#### Task goal
Reproduce the entries shown below only from the line with "Variables a b n : nat." down to the line with "have := size_dvd_sum_expn b_gt1 n_gt1 dvd_l'.", keeping both end lines and copying each one exactly.
--- Extracted data Enclosed Below ---
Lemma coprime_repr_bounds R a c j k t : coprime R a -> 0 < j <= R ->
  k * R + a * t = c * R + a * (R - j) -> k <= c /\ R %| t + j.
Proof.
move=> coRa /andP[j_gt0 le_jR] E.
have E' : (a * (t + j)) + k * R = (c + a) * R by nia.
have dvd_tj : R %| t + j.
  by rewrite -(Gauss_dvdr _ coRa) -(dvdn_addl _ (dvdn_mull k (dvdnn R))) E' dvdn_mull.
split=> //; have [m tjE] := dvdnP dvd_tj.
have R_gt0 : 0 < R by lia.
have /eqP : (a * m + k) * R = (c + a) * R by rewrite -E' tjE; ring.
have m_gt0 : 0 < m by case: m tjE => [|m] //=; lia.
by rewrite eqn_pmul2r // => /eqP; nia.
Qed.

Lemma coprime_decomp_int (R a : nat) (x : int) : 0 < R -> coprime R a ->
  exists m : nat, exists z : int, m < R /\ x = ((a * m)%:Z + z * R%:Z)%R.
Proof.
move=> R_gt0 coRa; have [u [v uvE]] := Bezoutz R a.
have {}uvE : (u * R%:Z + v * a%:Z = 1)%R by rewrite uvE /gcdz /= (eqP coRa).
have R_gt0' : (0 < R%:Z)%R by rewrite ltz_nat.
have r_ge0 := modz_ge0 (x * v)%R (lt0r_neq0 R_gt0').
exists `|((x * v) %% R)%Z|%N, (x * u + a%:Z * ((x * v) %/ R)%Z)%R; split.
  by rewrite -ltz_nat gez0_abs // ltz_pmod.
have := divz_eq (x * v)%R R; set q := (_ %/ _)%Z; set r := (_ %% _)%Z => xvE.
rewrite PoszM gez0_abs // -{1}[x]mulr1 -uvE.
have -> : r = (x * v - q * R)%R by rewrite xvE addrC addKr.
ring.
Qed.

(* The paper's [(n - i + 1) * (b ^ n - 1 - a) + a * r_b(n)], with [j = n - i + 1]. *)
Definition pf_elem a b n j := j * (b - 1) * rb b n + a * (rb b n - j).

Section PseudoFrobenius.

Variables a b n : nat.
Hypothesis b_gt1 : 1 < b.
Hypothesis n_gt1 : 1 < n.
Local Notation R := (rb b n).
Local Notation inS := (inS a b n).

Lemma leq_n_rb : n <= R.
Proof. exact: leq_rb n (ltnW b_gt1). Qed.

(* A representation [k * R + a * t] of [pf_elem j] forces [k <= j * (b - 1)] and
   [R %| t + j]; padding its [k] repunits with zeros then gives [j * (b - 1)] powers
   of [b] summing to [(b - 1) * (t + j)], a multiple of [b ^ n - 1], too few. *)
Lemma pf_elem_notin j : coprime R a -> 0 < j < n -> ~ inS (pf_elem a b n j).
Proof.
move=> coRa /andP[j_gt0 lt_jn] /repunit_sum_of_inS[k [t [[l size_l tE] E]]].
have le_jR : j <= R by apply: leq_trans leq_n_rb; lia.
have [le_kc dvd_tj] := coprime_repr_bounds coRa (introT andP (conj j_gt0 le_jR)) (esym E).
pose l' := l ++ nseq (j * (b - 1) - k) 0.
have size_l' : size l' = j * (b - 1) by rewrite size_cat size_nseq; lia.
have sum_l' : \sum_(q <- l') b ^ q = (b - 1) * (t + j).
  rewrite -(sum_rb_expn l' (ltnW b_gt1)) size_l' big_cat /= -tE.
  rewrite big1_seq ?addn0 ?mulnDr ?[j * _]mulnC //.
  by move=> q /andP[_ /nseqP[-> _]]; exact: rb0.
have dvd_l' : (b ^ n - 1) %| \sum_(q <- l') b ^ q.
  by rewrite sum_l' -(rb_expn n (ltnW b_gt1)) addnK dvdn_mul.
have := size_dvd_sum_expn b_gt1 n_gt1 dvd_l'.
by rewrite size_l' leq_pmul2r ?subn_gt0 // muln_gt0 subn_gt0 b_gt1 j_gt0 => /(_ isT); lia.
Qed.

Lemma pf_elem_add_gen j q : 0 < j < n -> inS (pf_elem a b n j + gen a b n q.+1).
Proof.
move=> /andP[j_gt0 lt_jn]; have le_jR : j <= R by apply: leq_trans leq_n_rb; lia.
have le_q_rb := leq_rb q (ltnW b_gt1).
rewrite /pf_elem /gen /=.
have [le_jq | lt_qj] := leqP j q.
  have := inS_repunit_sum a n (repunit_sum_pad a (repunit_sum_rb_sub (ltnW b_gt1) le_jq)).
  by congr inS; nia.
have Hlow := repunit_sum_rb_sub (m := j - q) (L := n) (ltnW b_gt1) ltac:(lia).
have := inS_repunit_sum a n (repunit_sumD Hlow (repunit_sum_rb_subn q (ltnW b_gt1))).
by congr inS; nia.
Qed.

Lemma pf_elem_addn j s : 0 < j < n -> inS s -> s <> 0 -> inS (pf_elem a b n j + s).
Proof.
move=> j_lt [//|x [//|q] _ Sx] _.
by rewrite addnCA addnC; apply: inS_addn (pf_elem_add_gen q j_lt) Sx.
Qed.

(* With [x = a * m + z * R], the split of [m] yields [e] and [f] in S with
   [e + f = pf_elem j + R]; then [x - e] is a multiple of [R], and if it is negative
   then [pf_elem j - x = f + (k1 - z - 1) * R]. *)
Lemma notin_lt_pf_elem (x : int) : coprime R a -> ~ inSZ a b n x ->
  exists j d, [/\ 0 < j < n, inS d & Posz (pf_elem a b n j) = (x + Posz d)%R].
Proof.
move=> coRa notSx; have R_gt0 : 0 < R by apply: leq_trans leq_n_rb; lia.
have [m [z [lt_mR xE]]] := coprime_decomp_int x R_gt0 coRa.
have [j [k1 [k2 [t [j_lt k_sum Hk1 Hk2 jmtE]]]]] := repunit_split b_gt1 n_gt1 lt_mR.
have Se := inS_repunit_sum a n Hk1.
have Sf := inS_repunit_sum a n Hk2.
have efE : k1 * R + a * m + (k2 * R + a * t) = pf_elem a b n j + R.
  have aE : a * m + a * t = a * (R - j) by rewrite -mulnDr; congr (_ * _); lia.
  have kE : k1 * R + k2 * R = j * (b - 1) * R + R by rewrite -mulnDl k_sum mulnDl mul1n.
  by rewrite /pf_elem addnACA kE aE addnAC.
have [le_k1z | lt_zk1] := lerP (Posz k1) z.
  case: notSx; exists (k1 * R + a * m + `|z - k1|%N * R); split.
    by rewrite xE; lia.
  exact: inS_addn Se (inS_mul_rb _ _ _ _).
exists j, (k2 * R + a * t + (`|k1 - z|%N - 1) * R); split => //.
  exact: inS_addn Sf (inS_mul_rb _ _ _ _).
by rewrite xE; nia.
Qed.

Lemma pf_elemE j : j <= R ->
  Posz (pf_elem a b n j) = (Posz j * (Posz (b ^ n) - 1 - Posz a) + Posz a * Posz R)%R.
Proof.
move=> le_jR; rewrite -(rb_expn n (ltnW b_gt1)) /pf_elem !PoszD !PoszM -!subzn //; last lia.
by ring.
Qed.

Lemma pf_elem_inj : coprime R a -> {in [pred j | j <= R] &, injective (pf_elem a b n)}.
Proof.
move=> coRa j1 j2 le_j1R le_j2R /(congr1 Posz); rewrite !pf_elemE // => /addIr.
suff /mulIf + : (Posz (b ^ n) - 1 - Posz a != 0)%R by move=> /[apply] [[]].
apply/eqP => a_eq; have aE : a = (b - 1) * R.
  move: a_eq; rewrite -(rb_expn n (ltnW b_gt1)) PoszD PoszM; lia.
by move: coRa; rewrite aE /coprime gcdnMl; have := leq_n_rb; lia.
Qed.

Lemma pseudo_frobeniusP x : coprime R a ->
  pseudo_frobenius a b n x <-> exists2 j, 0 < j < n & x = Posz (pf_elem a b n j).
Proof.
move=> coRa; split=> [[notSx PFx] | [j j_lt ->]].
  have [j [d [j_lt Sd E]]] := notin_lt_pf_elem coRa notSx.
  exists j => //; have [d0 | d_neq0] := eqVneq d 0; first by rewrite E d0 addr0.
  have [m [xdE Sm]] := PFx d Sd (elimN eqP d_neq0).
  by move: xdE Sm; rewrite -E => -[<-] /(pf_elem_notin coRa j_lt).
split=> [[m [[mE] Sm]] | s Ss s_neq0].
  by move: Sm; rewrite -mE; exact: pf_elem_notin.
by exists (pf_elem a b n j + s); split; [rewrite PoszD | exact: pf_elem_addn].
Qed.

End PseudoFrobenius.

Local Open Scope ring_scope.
--- End of Enclosed Extracted data ---
--- Extracted data Enclosed Below ---
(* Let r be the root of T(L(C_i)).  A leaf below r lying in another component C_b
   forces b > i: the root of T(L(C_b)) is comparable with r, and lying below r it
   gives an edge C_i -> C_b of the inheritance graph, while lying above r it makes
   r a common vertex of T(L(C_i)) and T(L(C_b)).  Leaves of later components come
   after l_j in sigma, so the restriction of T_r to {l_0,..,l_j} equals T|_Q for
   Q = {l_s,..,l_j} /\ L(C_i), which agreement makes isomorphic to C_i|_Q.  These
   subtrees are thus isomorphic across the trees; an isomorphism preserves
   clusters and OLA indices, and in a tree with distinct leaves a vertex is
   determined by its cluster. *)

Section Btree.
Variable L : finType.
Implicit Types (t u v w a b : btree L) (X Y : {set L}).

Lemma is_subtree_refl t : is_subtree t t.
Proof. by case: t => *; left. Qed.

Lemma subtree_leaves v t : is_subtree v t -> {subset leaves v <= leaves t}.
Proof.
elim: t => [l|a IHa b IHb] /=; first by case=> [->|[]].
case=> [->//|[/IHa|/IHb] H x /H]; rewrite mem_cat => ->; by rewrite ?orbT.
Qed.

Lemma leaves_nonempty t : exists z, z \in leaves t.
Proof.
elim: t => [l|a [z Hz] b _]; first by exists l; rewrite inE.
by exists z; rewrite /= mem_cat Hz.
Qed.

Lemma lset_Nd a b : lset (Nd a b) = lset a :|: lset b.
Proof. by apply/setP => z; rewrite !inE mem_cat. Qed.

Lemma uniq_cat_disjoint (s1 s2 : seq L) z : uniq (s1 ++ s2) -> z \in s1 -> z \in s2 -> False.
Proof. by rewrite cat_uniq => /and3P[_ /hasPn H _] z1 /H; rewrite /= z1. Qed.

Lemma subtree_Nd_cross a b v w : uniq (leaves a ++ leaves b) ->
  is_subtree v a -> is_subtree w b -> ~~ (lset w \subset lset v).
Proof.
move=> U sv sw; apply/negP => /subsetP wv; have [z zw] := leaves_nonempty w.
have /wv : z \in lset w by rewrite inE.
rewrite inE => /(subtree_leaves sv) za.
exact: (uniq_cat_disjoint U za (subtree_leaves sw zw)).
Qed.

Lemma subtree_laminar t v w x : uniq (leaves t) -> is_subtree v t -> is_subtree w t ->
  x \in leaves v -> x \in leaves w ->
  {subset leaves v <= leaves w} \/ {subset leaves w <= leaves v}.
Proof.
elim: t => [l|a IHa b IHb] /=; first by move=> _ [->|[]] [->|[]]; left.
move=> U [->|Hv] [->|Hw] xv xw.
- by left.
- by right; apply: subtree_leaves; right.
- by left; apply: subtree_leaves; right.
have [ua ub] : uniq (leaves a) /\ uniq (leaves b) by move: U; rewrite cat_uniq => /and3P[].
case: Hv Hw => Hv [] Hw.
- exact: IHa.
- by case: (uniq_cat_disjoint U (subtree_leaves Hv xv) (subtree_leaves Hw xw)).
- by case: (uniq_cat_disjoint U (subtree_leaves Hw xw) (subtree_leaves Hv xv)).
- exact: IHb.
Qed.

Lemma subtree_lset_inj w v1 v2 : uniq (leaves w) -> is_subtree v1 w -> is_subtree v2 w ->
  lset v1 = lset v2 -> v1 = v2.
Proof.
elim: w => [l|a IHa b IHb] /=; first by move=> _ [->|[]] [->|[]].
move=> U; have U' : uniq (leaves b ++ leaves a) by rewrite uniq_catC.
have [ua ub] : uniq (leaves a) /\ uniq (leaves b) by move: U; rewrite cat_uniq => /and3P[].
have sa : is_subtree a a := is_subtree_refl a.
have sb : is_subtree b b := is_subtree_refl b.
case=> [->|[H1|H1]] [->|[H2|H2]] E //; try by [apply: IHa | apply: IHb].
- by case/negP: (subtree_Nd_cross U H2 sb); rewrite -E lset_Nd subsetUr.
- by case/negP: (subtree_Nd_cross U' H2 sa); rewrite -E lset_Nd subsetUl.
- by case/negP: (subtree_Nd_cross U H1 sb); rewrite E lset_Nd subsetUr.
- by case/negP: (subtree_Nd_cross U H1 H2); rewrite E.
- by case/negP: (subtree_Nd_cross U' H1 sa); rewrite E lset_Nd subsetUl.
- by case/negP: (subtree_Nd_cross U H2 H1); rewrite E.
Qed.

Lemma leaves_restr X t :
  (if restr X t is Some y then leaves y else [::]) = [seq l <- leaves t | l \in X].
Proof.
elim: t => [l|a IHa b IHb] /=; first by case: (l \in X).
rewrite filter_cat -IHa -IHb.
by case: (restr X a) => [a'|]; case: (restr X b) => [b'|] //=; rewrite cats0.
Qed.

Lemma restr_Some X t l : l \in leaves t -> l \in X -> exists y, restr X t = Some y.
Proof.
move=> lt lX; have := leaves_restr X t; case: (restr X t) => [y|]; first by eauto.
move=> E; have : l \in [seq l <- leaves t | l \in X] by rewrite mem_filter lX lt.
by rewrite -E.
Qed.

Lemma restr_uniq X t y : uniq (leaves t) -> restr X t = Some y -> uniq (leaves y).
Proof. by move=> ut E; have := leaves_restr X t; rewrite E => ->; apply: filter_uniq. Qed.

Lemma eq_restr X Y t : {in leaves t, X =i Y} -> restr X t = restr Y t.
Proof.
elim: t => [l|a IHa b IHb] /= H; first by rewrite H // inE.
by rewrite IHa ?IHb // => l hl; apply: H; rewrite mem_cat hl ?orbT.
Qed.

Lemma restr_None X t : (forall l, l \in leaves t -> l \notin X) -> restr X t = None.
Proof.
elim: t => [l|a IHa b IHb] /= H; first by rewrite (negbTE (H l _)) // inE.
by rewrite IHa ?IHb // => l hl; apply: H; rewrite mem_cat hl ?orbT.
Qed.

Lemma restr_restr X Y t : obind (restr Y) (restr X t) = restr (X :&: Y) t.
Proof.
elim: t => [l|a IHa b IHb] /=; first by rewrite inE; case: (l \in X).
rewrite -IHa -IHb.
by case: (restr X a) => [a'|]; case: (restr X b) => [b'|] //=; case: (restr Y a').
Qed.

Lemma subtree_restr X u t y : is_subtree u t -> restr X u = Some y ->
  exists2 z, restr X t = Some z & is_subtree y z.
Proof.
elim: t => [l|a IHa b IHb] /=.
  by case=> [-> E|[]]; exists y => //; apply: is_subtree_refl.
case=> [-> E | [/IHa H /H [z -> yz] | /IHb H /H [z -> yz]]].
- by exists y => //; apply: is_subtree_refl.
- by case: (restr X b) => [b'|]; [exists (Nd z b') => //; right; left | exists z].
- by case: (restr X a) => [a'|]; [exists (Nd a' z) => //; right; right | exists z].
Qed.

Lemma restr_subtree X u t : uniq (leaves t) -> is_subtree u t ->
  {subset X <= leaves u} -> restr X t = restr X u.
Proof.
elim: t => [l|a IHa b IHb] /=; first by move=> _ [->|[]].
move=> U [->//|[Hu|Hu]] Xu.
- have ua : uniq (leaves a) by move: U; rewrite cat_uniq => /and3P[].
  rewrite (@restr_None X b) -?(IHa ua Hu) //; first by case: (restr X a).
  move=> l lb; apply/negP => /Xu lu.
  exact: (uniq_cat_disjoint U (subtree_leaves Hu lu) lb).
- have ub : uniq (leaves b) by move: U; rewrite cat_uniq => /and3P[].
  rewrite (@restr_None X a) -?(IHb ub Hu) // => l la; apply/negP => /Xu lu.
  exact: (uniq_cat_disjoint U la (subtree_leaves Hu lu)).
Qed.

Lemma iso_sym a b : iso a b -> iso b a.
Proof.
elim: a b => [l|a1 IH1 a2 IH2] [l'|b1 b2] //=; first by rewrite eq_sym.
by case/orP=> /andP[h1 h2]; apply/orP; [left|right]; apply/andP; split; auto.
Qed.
--- End of Enclosed Extracted data ---
#### Exercise solution
Variables a b n : nat.
Hypothesis b_gt1 : 1 < b.
Hypothesis n_gt1 : 1 < n.
Local Notation R := (rb b n).
Local Notation inS := (inS a b n).

Lemma leq_n_rb : n <= R.
Proof. exact: leq_rb n (ltnW b_gt1). Qed.

(* A representation [k * R + a * t] of [pf_elem j] forces [k <= j * (b - 1)] and
   [R %| t + j]; padding its [k] repunits with zeros then gives [j * (b - 1)] powers
   of [b] summing to [(b - 1) * (t + j)], a multiple of [b ^ n - 1], too few. *)
Lemma pf_elem_notin j : coprime R a -> 0 < j < n -> ~ inS (pf_elem a b n j).
Proof.
move=> coRa /andP[j_gt0 lt_jn] /repunit_sum_of_inS[k [t [[l size_l tE] E]]].
have le_jR : j <= R by apply: leq_trans leq_n_rb; lia.
have [le_kc dvd_tj] := coprime_repr_bounds coRa (introT andP (conj j_gt0 le_jR)) (esym E).
pose l' := l ++ nseq (j * (b - 1) - k) 0.
have size_l' : size l' = j * (b - 1) by rewrite size_cat size_nseq; lia.
have sum_l' : \sum_(q <- l') b ^ q = (b - 1) * (t + j).
  rewrite -(sum_rb_expn l' (ltnW b_gt1)) size_l' big_cat /= -tE.
  rewrite big1_seq ?addn0 ?mulnDr ?[j * _]mulnC //.
  by move=> q /andP[_ /nseqP[-> _]]; exact: rb0.
have dvd_l' : (b ^ n - 1) %| \sum_(q <- l') b ^ q.
  by rewrite sum_l' -(rb_expn n (ltnW b_gt1)) addnK dvdn_mul.
have := size_dvd_sum_expn b_gt1 n_gt1 dvd_l'.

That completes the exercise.